Assigned task: Scan the entries below for the word "lamA", then copy each line that holds it.

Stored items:
============
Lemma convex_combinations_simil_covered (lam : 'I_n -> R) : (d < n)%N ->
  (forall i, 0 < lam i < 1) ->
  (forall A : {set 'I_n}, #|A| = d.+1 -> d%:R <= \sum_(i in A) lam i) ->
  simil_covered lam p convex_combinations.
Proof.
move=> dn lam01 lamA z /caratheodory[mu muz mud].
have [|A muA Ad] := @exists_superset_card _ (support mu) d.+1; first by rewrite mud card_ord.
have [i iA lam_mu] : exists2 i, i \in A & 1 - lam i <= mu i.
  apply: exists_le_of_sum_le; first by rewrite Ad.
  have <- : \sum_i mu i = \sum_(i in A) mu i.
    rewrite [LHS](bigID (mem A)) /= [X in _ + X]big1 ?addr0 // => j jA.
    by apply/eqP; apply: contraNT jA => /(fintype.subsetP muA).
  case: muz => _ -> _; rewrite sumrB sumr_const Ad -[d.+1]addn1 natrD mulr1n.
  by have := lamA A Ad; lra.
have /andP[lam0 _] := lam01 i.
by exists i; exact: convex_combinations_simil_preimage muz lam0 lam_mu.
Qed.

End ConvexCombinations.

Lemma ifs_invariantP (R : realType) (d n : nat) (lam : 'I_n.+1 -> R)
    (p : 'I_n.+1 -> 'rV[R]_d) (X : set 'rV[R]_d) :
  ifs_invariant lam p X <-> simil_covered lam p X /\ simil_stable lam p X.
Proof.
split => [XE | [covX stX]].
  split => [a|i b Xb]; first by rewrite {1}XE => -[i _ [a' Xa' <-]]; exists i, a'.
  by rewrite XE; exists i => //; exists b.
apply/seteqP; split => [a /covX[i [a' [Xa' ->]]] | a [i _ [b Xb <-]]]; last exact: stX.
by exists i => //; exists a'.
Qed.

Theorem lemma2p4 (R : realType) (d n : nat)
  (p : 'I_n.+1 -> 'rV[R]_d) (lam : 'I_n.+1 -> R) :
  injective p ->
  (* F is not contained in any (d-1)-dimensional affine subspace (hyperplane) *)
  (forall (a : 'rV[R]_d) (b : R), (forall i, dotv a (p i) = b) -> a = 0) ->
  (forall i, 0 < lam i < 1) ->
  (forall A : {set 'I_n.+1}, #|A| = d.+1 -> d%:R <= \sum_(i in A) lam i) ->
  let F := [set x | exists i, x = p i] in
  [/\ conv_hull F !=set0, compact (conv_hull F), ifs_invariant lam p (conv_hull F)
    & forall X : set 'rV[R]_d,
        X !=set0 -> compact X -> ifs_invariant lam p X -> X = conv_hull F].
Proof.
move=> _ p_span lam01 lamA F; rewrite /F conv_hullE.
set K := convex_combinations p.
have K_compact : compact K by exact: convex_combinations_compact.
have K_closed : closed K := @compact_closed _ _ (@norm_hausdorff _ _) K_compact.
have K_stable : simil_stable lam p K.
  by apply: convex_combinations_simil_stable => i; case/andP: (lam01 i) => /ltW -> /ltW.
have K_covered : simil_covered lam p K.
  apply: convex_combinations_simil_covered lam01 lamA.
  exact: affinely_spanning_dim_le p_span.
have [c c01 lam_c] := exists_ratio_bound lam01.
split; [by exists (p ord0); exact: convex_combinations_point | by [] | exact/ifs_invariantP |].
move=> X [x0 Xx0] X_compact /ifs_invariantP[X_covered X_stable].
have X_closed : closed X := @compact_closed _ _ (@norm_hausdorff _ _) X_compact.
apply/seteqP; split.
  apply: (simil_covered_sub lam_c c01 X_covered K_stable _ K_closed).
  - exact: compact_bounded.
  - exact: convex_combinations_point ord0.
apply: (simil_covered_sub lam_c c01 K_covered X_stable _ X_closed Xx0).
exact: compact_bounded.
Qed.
============
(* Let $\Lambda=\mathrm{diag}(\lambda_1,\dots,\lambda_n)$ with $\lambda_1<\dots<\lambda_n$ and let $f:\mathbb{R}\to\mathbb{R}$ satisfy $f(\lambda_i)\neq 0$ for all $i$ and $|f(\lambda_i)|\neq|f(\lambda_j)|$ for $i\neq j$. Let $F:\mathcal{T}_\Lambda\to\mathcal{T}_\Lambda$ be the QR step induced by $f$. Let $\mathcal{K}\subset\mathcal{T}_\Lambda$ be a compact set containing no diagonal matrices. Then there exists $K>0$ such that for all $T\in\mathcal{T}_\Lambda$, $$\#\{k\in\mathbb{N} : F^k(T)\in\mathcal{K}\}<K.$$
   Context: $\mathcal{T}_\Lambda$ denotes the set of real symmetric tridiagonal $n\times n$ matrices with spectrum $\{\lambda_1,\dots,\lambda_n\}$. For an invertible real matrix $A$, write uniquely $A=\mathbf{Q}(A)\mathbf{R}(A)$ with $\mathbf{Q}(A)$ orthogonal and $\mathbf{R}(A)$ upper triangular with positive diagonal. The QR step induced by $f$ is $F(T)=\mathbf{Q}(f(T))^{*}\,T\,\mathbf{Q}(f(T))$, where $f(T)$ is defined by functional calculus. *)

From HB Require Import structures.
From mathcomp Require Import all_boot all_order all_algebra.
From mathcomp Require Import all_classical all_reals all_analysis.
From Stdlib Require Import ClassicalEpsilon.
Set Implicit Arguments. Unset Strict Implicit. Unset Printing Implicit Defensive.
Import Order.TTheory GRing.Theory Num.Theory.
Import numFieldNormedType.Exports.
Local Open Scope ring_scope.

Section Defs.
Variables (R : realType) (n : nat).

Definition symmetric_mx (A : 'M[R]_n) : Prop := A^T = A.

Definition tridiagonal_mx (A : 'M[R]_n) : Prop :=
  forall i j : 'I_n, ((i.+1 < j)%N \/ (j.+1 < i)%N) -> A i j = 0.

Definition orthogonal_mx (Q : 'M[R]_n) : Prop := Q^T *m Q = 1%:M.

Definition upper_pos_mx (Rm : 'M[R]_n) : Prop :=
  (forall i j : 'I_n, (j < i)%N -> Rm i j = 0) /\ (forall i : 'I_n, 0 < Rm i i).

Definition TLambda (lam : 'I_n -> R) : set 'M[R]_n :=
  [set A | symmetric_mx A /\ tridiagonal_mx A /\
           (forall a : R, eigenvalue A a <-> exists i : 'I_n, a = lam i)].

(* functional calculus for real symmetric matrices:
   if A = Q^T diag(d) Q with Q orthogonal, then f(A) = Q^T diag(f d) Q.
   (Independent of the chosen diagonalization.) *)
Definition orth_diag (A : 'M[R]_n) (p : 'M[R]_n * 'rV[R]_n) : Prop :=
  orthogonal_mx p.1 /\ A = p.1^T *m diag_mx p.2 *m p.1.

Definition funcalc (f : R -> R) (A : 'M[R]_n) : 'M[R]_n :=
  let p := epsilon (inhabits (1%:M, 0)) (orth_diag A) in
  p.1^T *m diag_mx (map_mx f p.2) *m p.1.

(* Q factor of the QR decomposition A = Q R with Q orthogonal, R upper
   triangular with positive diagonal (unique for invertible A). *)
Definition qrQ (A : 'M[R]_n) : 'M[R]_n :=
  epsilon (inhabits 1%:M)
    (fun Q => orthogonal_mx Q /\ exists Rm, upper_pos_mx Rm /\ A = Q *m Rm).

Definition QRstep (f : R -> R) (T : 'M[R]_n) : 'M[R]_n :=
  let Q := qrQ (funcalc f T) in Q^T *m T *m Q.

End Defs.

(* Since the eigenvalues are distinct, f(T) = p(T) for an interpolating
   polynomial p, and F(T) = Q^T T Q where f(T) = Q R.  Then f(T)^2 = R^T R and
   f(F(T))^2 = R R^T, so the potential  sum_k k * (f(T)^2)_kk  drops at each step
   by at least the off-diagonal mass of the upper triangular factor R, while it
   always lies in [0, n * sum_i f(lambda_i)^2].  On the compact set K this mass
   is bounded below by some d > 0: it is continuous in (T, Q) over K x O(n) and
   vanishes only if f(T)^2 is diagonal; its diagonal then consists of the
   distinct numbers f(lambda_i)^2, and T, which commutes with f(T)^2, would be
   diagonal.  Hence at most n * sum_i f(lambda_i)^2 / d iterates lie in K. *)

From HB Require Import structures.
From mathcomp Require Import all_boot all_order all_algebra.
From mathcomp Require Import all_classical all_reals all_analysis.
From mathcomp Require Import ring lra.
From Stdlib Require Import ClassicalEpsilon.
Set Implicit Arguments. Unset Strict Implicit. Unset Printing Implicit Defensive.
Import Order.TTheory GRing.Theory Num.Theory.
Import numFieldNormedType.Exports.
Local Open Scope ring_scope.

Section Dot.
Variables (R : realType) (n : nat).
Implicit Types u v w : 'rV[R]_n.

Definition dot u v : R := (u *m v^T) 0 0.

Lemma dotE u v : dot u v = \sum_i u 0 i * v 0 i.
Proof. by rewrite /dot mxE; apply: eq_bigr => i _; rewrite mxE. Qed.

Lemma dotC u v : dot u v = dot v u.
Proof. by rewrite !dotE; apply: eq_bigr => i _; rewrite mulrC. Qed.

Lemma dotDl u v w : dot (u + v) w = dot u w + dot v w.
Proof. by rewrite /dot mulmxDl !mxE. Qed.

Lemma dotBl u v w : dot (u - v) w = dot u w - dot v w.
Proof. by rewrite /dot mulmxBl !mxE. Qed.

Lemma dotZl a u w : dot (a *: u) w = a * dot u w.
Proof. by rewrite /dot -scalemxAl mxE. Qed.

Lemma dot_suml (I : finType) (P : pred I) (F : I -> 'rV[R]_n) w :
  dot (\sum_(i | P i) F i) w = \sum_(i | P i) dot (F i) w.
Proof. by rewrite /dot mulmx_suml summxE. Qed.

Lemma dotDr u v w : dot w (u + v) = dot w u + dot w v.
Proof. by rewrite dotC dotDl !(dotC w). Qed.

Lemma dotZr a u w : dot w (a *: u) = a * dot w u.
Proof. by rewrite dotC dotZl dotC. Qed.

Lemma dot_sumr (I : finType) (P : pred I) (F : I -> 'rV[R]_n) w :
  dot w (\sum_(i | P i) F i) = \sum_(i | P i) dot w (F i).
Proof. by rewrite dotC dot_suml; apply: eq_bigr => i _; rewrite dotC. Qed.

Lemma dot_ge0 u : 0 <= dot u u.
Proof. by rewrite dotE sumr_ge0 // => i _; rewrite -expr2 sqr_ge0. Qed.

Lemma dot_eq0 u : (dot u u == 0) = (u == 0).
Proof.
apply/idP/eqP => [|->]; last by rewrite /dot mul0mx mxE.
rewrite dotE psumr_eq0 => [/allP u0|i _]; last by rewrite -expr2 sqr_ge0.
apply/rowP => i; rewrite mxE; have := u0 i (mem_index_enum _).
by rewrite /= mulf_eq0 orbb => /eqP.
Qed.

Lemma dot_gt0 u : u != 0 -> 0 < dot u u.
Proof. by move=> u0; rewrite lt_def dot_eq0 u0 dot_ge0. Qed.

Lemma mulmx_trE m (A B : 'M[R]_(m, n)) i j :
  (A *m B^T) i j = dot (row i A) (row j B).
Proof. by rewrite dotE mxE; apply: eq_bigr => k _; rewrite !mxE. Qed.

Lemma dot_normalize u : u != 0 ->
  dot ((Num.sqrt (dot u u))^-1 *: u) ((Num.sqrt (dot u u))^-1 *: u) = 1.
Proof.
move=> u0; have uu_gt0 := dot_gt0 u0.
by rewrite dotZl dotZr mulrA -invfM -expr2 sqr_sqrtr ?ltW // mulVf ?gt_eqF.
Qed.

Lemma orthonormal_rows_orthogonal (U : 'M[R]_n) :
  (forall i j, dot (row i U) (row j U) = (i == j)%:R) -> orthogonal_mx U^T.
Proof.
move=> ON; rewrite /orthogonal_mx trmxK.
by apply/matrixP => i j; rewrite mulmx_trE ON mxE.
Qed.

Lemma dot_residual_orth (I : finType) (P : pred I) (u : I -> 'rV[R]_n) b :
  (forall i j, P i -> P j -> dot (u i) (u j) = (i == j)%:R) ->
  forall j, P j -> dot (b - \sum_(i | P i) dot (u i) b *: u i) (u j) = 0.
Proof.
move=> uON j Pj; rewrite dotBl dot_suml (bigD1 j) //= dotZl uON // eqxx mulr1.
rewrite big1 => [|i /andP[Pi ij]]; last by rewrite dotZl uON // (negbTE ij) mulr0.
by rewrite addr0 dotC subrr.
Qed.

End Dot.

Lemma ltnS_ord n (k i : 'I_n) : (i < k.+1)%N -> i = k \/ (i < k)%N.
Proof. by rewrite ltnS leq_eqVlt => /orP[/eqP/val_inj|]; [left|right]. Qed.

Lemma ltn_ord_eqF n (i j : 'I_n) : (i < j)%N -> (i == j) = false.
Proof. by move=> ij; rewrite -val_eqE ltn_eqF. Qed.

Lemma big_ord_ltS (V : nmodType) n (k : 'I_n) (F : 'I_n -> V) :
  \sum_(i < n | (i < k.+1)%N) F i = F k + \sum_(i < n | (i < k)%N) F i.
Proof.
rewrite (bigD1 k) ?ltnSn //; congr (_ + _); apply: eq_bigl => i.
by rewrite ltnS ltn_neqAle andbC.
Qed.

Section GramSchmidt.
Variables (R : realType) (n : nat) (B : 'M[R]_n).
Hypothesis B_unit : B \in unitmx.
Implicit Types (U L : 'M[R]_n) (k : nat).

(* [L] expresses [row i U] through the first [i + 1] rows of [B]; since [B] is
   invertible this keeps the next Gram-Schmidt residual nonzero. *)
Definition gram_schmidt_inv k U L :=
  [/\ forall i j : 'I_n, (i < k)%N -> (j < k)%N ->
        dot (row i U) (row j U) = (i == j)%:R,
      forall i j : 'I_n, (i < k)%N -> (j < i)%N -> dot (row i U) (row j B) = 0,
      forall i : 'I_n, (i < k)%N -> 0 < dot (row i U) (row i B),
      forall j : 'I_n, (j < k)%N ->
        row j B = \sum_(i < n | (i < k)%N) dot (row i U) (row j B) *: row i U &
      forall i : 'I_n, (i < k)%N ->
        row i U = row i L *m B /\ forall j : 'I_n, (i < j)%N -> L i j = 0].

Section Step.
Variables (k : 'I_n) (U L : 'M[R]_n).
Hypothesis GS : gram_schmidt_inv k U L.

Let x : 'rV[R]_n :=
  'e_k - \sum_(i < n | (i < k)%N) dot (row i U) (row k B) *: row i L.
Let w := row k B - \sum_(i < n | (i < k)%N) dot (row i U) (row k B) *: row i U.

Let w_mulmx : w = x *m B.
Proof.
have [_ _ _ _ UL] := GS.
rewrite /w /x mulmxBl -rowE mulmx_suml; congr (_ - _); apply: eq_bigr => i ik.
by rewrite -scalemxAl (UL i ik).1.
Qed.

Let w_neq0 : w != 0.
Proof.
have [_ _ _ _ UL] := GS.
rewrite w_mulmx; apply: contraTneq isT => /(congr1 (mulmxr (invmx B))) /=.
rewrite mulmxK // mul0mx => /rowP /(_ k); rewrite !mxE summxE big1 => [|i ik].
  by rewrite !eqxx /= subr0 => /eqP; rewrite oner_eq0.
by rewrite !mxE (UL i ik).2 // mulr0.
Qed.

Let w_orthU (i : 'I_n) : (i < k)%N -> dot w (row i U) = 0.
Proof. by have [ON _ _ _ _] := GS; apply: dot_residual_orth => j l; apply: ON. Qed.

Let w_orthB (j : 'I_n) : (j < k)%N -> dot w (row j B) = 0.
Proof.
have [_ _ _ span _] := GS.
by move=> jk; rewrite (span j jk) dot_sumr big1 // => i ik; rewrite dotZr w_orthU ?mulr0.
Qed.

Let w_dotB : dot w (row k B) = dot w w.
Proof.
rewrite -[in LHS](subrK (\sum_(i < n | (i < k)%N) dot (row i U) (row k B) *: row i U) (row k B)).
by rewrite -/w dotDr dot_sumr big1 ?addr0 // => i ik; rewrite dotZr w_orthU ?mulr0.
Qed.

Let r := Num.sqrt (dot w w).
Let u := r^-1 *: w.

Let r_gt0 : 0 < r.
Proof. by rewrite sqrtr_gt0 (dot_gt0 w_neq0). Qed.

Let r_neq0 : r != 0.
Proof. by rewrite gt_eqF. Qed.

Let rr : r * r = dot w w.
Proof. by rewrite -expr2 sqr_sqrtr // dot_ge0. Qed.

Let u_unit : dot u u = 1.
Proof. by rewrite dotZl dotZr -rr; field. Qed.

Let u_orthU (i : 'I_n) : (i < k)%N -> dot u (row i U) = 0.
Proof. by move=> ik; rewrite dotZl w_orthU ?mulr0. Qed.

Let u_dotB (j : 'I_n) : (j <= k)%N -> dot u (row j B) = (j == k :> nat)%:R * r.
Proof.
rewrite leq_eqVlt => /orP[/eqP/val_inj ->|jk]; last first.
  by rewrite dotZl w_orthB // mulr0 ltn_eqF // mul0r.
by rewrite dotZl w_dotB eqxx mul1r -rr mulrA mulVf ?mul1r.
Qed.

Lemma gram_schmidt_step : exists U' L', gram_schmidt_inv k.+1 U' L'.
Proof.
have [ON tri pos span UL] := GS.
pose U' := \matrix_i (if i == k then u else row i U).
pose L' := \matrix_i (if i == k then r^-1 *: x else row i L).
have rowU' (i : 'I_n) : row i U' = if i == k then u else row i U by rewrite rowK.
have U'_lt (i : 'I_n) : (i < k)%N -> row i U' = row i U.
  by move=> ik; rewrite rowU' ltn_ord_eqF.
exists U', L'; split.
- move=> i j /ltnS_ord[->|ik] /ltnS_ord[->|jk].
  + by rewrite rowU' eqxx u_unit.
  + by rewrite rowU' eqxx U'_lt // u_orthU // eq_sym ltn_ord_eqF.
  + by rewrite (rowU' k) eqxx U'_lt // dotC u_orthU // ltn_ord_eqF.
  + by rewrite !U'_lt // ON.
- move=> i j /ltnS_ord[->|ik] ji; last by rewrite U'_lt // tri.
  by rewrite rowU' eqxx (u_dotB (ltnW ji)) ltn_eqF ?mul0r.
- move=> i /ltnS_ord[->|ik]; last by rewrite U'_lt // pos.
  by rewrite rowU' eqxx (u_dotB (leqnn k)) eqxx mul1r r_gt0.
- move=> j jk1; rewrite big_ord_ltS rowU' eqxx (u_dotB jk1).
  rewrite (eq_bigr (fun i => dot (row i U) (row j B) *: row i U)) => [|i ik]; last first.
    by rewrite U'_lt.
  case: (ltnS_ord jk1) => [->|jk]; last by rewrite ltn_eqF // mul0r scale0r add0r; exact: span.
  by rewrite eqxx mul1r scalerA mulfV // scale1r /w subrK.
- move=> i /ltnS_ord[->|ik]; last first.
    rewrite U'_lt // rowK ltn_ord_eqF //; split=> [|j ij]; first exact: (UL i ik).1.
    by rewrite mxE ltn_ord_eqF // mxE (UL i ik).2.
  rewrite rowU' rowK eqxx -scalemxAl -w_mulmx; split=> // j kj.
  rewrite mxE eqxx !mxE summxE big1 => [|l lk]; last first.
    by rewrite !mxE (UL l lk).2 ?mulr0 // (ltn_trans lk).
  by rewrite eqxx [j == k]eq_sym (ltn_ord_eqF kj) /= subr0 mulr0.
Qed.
============
Solution to this exercise:
move=> dn lam01 lamA z /caratheodory[mu muz mud].
  by have := lamA A Ad; lra.
move=> _ p_span lam01 lamA F; rewrite /F conv_hullE.
  apply: convex_combinations_simil_covered lam01 lamA.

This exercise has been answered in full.